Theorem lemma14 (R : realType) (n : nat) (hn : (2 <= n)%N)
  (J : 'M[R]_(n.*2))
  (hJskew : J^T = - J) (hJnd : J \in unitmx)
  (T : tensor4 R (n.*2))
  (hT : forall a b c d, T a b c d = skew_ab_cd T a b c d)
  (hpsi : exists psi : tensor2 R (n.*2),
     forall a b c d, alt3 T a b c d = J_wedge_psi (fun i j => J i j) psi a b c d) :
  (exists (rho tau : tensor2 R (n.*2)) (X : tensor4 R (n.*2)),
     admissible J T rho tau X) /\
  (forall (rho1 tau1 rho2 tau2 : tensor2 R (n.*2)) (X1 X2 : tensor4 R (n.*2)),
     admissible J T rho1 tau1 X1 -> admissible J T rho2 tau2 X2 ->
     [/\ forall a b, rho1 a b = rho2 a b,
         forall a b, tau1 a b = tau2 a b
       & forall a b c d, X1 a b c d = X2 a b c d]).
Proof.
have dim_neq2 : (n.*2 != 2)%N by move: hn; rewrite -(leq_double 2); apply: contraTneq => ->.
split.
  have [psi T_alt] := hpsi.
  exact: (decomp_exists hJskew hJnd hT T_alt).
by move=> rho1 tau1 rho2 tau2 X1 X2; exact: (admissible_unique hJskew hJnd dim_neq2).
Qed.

...

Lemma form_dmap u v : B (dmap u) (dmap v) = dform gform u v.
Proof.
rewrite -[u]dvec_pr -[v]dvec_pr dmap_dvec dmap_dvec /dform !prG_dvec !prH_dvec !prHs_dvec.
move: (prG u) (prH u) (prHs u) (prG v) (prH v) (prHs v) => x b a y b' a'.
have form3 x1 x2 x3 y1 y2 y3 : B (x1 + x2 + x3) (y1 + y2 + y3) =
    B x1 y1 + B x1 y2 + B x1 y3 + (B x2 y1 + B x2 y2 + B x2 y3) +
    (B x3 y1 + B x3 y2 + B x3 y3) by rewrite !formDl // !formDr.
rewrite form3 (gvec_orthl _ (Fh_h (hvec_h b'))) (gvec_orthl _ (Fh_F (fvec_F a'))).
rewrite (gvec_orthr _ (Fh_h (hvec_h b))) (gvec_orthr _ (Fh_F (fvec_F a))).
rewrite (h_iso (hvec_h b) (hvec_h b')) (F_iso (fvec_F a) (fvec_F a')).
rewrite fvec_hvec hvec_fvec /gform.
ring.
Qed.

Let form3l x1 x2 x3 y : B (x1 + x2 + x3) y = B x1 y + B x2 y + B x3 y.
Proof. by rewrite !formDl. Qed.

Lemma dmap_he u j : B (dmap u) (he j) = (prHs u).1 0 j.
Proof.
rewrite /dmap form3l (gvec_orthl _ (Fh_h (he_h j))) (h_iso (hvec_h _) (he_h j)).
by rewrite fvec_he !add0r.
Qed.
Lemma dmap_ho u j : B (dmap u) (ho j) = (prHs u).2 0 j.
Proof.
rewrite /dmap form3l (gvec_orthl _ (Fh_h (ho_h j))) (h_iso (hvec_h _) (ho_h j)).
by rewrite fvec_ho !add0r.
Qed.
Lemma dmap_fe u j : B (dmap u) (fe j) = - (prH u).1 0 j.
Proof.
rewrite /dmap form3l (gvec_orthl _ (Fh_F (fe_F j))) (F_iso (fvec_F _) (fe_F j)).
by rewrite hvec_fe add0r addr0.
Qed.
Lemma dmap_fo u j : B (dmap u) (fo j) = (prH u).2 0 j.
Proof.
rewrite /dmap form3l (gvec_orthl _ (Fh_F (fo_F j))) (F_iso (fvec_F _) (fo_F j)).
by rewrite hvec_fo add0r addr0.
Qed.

--- Problem description ---
Return every line from the records above that holds the word "move".

--- Answer to this problem ---
have dim_neq2 : (n.*2 != 2)%N by move: hn; rewrite -(leq_double 2); apply: contraTneq => ->.
by move=> rho1 tau1 rho2 tau2 X1 X2; exact: (admissible_unique hJskew hJnd dim_neq2).
move: (prG u) (prH u) (prHs u) (prG v) (prH v) (prHs v) => x b a y b' a'.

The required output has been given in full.